Building Incident Runbooks Engineers Actually Trust at 3 AM
Most runbooks rot or get ignored mid-incident. Here's how to write runbooks that hold up under pressure, keep them current, and use AI to draft and audit them.
- #incident-response
- #runbooks
- #sre
- #on-call
- #automation
- #documentation
A runbook is a promise you make to your future self at 3 AM, when you’re half-awake and the part of your brain that knows this system is offline. Most runbooks break that promise. They’re either out of date, written for someone who already knows the answer, or buried in a wiki nobody can find while the pager is screaming.
After 25 years of being the person reading runbooks at 3 AM — and writing the ones other people cursed at — here’s what actually makes them hold up.
Write for the tired stranger, not the author
The single most common runbook failure: it’s written by the person who built the system, for the person who built the system. It says “restart the ingest service” and assumes you know which of the four ingest services, on which host, and how to tell if it worked.
Write every step for someone who has never seen this system, is exhausted, and is under pressure. That means:
- Exact commands, copy-pasteable, with the real service and host names.
- Expected output, so they know whether it worked.
- What to do if it didn’t work — the branch, not a dead end.
The structure that survives pressure
Each runbook should answer five questions fast:
1. When does this apply?
Lead with the trigger: the exact alert name or symptom. “Use this when CheckoutLatencyHigh fires” lets someone match their alert to the right page in two seconds.
2. How bad is it / how do I confirm?
The read-only diagnostic commands that confirm you’re in the right runbook. Confirmation before action — pulling the wrong lever is how a SEV3 becomes a SEV1.
3. How do I mitigate?
The fastest safe action to stop customer pain, clearly separated from root-cause fixing. At 3 AM you mitigate first and diagnose later.
4. How do I fix it?
The actual remediation steps, ordered, with verification after each.
5. Who do I escalate to?
Named role and how to reach them when the runbook runs out. A runbook that ends with “if this doesn’t work, good luck” is incomplete.
Keep diagnostics and destructive actions visually separate
Mark every command’s blast radius. I literally label them in the runbook:
- [SAFE] read-only:
kubectl get,journalctl,promtool query - [CAUTION] small change or shell-in:
kubectl exec, config edits - [DESTRUCTIVE] restarts, deletes, scaling, failovers, migrations
The tired brain reaches for the nearest command. If the destructive ones are visually flagged and placed after the diagnostics, you build in a pause exactly where you need it.
Fight rot with ownership and execution
Runbooks rot the moment the system changes. Two habits keep them honest:
Assign an owner per runbook. Not a team — a name. Ownership rotates, but at any moment one person is accountable for it being correct.
Execute them on purpose. During gamedays, or even a quiet on-call shift, actually run the runbook step by step. Every stale command, renamed service, and missing permission surfaces immediately. A runbook that’s never executed in calm conditions will fail in a crisis.
I also add a “last verified” date to the top of every runbook. If it’s older than a quarter, treat it as suspect.
Where AI speeds this up
Writing runbooks is tedious, which is why they don’t get written. AI removes most of that friction.
Drafting from a resolved incident. Right after an incident, paste the command history and ask:
“Turn this incident’s diagnostic and remediation commands into a runbook. Group into Confirm, Mitigate, and Fix sections. Label each command SAFE, CAUTION, or DESTRUCTIVE. Note expected output for the diagnostic commands.”
You capture the runbook while the knowledge is fresh, instead of promising to write it later and never doing it.
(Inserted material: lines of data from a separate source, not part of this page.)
(* Let $S=(P,L)$ be a finite $(2,t)$-generalized quadrangle and let $(R,\psi)$ be a faithful representation of $S$ with $\psi(x)=\langle r_x\rangle$. Let $a,b\in P$ be distinct non-collinear points. Set $A=\{r_ar_x: x\in P,\ x\neq a,\ x \text{ not collinear with } a\}$ and $B=\{r_br_x: x\in P,\ x\neq b,\ x\text{ not collinear with } b\}$. Then $|A\cap B|=t+2$.
   Context: A $(2,t)$-generalized quadrangle is a partial linear space in which every line has exactly $3$ points, every point lies on exactly $t+1$ lines, no point is collinear with all points, and for every point $x$ and line $\ell$ with $x\notin\ell$, $x$ is collinear with exactly one point of $\ell$. A representation $(R,\psi)$ of $S$ is a group $R$ with a map $\psi$ assigning to each point $x$ a subgroup $\psi(x)=\langle r_x\rangle$ of order $2$, such that $R$ is generated by the $r_x$ and, for every line $\{x,y,z\}$, $\{1,r_x,r_y,r_z\}$ is a Klein four subgroup. It is faithful if $\psi$ is injective. *)

From mathcomp Require Import all_boot.
From Stdlib Require List.

Set Implicit Arguments.
Unset Strict Implicit.
Unset Printing Implicit Defensive.

(* Points form a finite type P; lines are given as a set L of subsets of P
   (a partial linear space is determined by its point-line incidence). *)

Definition collinear (P : finType) (L : {set {set P}}) (x y : P) : bool :=
  [exists l in L, (x \in l) && (y \in l)].

Definition is_GQ2t (P : finType) (L : {set {set P}}) (t : nat) : Prop :=
  [/\
      (forall l, l \in L -> #|l| = 3),
      (forall x : P, #|[set l in L | x \in l]| = t.+1),
      (forall (x y : P) (l1 l2 : {set P}), x != y -> l1 \in L -> l2 \in L ->
          x \in l1 -> y \in l1 -> x \in l2 -> y \in l2 -> l1 = l2),
      (forall x : P, exists y : P, ~~ collinear L x y) &
      (forall (x : P) (l : {set P}), l \in L -> x \notin l ->
          #|[set y in l | collinear L x y]| = 1)].

Record is_group (G : Type) (mul : G -> G -> G) (one : G) (inv : G -> G) : Prop :=
  { grp_assoc : forall x y z, mul x (mul y z) = mul (mul x y) z;
    grp_mul1g : forall x, mul one x = x;
    grp_mulg1 : forall x, mul x one = x;
    grp_mulVg : forall x, mul (inv x) x = one;
    grp_mulgV : forall x, mul x (inv x) = one }.

(* {1, a, b, c} is a Klein four subgroup: four distinct elements, closed under
   multiplication, every element of exponent dividing 2 (a subgroup of order 4
   that is not cyclic, i.e. isomorphic to Z2 x Z2). *)
Definition klein4 (G : Type) (mul : G -> G -> G) (one : G) (a b c : G) : Prop :=
  let S := fun g => g = one \/ g = a \/ g = b \/ g = c in
  [/\ List.NoDup (one :: a :: b :: c :: nil),
      (forall g h, S g -> S h -> S (mul g h)) &
      (forall g, S g -> mul g g = one)].

Definition is_representation (P : finType) (L : {set {set P}})
  (G : Type) (mul : G -> G -> G) (one : G) (r : P -> G) : Prop :=
  [/\
      (forall x, r x <> one /\ mul (r x) (r x) = one),
      (forall g : G, exists s : seq P, g = foldr (fun x acc => mul (r x) acc) one s) &
      (forall (l : {set P}) (x y z : P), l \in L -> l = [set x; y; z] ->
          klein4 mul one (r x) (r y) (r z))].

(* faithful: psi injective; since <r x> = <r y> iff r x = r y for involutions *)
Definition faithful_rep (P : finType) (G : Type) (r : P -> G) : Prop :=
  forall x y, r x = r y -> x = y.

Definition opp_set (P : finType) (L : {set {set P}}) (G : Type)
  (mul : G -> G -> G) (r : P -> G) (a : P) : G -> Prop :=
  fun g => exists x : P, [/\ x != a, ~~ collinear L a x & g = mul (r a) (r x)].

Definition has_card (G : Type) (S : G -> Prop) (n : nat) : Prop :=
  exists s : seq G, [/\ List.NoDup s, (forall g, List.In g s <-> S g) & size s = n].

(** The generators commute: for collinear x, y this is the Klein relation
    r_z = r_x r_y on the line {x, y, z}; for opposite p, q, two points c, d of
    {p,q}^⊥ span a 3x3 grid, and computing r_w for its ninth point w along the
    two grid lines through w gives r_p r_q = r_q r_p. So R is an elementary
    abelian 2-group.

    If x ∈ b^⊥ is opposite a, either x = b or the line bx meets a^⊥ in a point c,
    and the third point y of the line ac gives r_a r_x = r_b r_y with y opposite b.
    Conversely, let r_a r_x = r_b r_y with x opposite a and b, and y opposite b.
    If a or x is collinear with y, the third point z of that line has
    r_z = r_b r_v with v opposite b; then z is opposite b (else v would be the
    third point of the line bz), so b is collinear with one of the other two
    points of the line, which it is not. Otherwise a, b, x, y are pairwise
    opposite with r_a r_b = r_x r_y. Such a relation forces {a,b}^⊥ ⊆ {x,y}^⊥,
    and it transfers to the third points a', b', x', y' of the lines joining
    a, b, x, y to a point c of {a,b}^⊥; a second point of {a,b}^⊥ then produces
    a point of {a',b'}^⊥ outside x'^⊥, contradicting the inclusion.
    Hence A ∩ B = {r_a r_x : x ∈ b^⊥ \ a^⊥}, and b^⊥ \ a^⊥ consists of b and one
    point on each of the t + 1 lines through b. *)

From mathcomp Require Import all_boot.
From Stdlib Require List FinFun.

Set Implicit Arguments.
Unset Strict Implicit.
Unset Printing Implicit Defensive.

Section GroupLaws.
Variables (G : Type) (mul : G -> G -> G) (one : G) (inv : G -> G).
Hypothesis grpG : is_group mul one inv.

Lemma mulgI x : injective (mul x).
Proof.
move=> y z E; rewrite -[y](grp_mul1g grpG) -[z](grp_mul1g grpG) -(grp_mulVg grpG x).
by rewrite -!(grp_assoc grpG) E.
Qed.

Lemma mulIg x : injective (mul^~ x).
Proof.
move=> y z E; rewrite -[y](grp_mulg1 grpG) -[z](grp_mulg1 grpG) -(grp_mulgV grpG x).
by rewrite !(grp_assoc grpG) E.
Qed.

End GroupLaws.

Section Quadrangle.
Variables (P : finType) (L : {set {set P}}) (t : nat).
Hypothesis gqL : is_GQ2t L t.
Local Notation coll := (collinear L).

Definition pencil (x : P) : {set {set P}} := [set l in L | x \in l].

Definition line3 (p q z : P) : Prop := exists2 l, l \in L & l = [set p; q; z].

Lemma card_pencil x : #|pencil x| = t.+1.
Proof. by case: gqL => _ card_pencil _ _ _; apply: card_pencil. Qed.

Lemma mem_coll l x y : l \in L -> x \in l -> y \in l -> coll x y.
Proof. by move=> lL xl yl; apply/existsP; exists l; rewrite lL xl yl. Qed.

Lemma coll_refl x : coll x x.
Proof.
have /card_gt0P[l] : 0 < #|pencil x| by rewrite card_pencil.
by rewrite inE => /andP[lL xl]; apply: (mem_coll lL).
Qed.

Lemma coll_sym x y : coll x y = coll y x.
Proof.
by apply/existsP/existsP => -[l /and3P[lL xl yl]]; exists l; rewrite lL xl yl.
Qed.

Lemma opp_neq x y : ~~ coll x y -> x != y.
Proof. by apply: contraNneq => ->; apply: coll_refl. Qed.

Lemma coll_opp_neq x y z : coll x y -> ~~ coll z y -> x != z.
Proof. by move=> xy; apply: contraNneq => <-. Qed.

Lemma line3_swap12 p q z : line3 p q z -> line3 q p z.
Proof. by case=> l lL El; exists l; rewrite // El [[set p; q]]setUC. Qed.

Lemma line3_swap23 p q z : line3 p q z -> line3 p z q.
Proof. by case=> l lL El; exists l; rewrite // El setUAC. Qed.

Lemma line3_rot p q z : line3 p q z -> line3 q z p.
Proof. by move/line3_swap12/line3_swap23. Qed.

Lemma line3_neq p q z : line3 p q z -> [/\ p != q, p != z & q != z].
Proof.
case=> l lL El; case: gqL => card3 _ _ _ _.
have /card_uniqP : #|[:: p; q; z]| = size [:: p; q; z].
  by rewrite -[RHS](card3 l lL) El; apply: eq_card => w; rewrite !inE orbA.
by rewrite /= !inE negb_or => /and3P[/andP[-> ->] ->].
Qed.

Lemma line3_coll12 p q z : line3 p q z -> coll p q.
Proof. by case=> l lL El; apply: (mem_coll lL); rewrite El !inE eqxx ?orbT. Qed.

Lemma line3_coll13 p q z : line3 p q z -> coll p z.
Proof. by move/line3_swap23/line3_coll12. Qed.

Lemma line3_coll23 p q z : line3 p q z -> coll q z.
Proof. by move/line3_rot/line3_coll12. Qed.

Lemma line3_of_mem l b : l \in L -> b \in l ->
  exists u v, line3 b u v /\ l = [set b; u; v].
Proof.
move=> lL bl; case: gqL => card3 _ _ _ _.
have card2 : #|l :\ b| = 2 by have := cardsD1 b l; rewrite card3 // bl => -[].
have /card_gt1P[u [v [ul vl uv]]] : 1 < #|l :\ b| by rewrite card2.
have El : l = [set b; u; v].
  rewrite -(setD1K bl) -setUA; congr (_ :|: _); apply/eqP.
  by rewrite eq_sym eqEcard card2 cards2 uv andbT subUset !sub1set ul vl.
by exists u, v; split=> //; exists l.
Qed.

Lemma line3_of_coll p q : p != q -> coll p q -> exists z, line3 p q z.
Proof.
move=> pq /existsP[l /and3P[lL pl ql]]; have [u [v [Hl El]]] := line3_of_mem lL pl.
move: ql; rewrite El !inE eq_sym (negbTE pq) /= => /orP[] /eqP ->.
- by exists v.
- by exists u; apply: line3_swap23.
Qed.

Lemma line_coll_uniq l w x y : l \in L -> w \notin l -> x \in l -> y \in l ->
  coll w x -> coll w y -> x = y.
Proof.
move=> lL wl xl yl wx wy; case: gqL => _ _ _ _ /(_ w l lL wl) /eqP/cards1P[c Ec].
have : x \in [set y in l | coll w y] by rewrite inE xl wx.
have : y \in [set y in l | coll w y] by rewrite inE yl wy.
by rewrite Ec !inE => /eqP -> /eqP ->.
Qed.

Lemma line_coll_exists l w : l \in L -> exists2 x, x \in l & coll w x.
Proof.
move=> lL; have [wl|wl] := boolP (w \in l); first by exists w; rewrite ?coll_refl.
case: gqL => _ _ _ _ /(_ w l lL wl) /eqP/cards1P[x Ex].
by have := set11 x; rewrite -Ex inE => /andP[]; exists x.
Qed.

Lemma line3_coll2 p q z w : line3 p q z -> coll w p -> coll w q ->
  [|| w == p, w == q | w == z].
Proof.
move=> Hl wp wq; case: (Hl) => l lL El; have [pq _ _] := line3_neq Hl.
have [|wl] := boolP (w \in l); first by rewrite El !inE -orbA.
by move: pq; rewrite (line_coll_uniq lL wl _ _ wp wq) ?eqxx // El !inE eqxx ?orbT.
Qed.

Lemma line3_coll_third p q z w : line3 p q z -> ~~ coll w p -> ~~ coll w q -> coll w z.
Proof.
case=> l lL El wp wq; have [x] := line_coll_exists w lL.
by rewrite El !inE -orbA => /or3P[] /eqP ->; rewrite ?(negbTE wp) ?(negbTE wq).
Qed.

Lemma line3_opp_third p q z w : line3 p q z -> coll w p -> w != p -> ~~ coll w q ->
  ~~ coll w z.
Proof.
move=> Hl wp wnp wq; apply: contraNN wq => wz.
have /or3P[] := line3_coll2 (line3_swap23 Hl) wp wz => /eqP Ew.
- by rewrite Ew eqxx in wnp.
- by rewrite Ew coll_sym (line3_coll23 Hl).
- by rewrite Ew coll_refl.
Qed.

Lemma line3_opp_thirds c p p' q q' : line3 c p p' -> line3 c q q' ->
  ~~ coll p q -> ~~ coll p' q'.
Proof.
move=> Hp Hq pq; have [_ cp' _] := line3_neq Hp; have [cq _ _] := line3_neq Hq.
have qp' : ~~ coll q p'.
  by apply: (line3_opp_third Hp); rewrite 1?coll_sym ?(line3_coll12 Hq) // eq_sym.
by apply: (line3_opp_third Hq); rewrite 1?coll_sym ?(line3_coll13 Hp) // eq_sym.
Qed.

Lemma perp_opp a b c d : ~~ coll a b -> c != d ->
  coll c a -> coll c b -> coll d a -> coll d b -> ~~ coll c d.
Proof.
move=> ab cd ca cb da db; apply: contraNN ab => /(line3_of_coll cd)[e He].
rewrite ![coll _ a]coll_sym in ca da; case/or3P: (line3_coll2 He ca da) => /eqP -> //.
rewrite ![coll _ b]coll_sym in cb db; case/or3P: (line3_coll2 He cb db) => /eqP ->.
- by rewrite coll_sym (line3_coll13 He).
- by rewrite coll_sym (line3_coll23 He).
- exact: coll_refl.
Qed.

Lemma pencil_gt1 x : 1 < #|pencil x|.
Proof.
have /card_gt0P[l] : 0 < #|pencil x| by rewrite card_pencil.
rewrite inE => /andP[lL xl]; case: gqL => _ _ _ /(_ x)[y xy] _.
have yl : y \notin l by apply: contraNN xy => yl; apply: (mem_coll lL).
have [c cl yc] := line_coll_exists y lL.
have /existsP[m /and3P[mL ym cm]] := yc.
rewrite card_pencil -(card_pencil c); apply/card_gt1P; exists m, l.
by rewrite !inE mL cm lL cl; split=> //; apply: contraNneq yl => <-.
Qed.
Auditing for gaps. Paste an existing runbook and ask the model to find missing rollback steps, commands without verification, or destructive actions that aren’t flagged. It’s a fast second set of eyes.
Filling the verification gaps. Ask it what the expected output of each diagnostic command should look like, then sanity-check against your real system.
One firm rule: AI drafts, humans verify against the real system. A model will confidently invent a flag or a metric name that doesn’t exist in your environment. Run every generated command in a safe context before it goes in the book.
We keep incident-response prompts for runbook drafting, and the Incident Response tool produces risk-classified, safest-first command plans you can lift straight into a runbook.
The minimum that beats nothing
You don’t need a polished runbook library to start. For your top three alerts, write down: the trigger, two confirmation commands, one mitigation, and who to escalate to. That single page, findable and current, will save a future you who is too tired to think clearly. Build from there.
Generated runbook steps are assistive. Verify every command in your own environment before relying on it during an incident.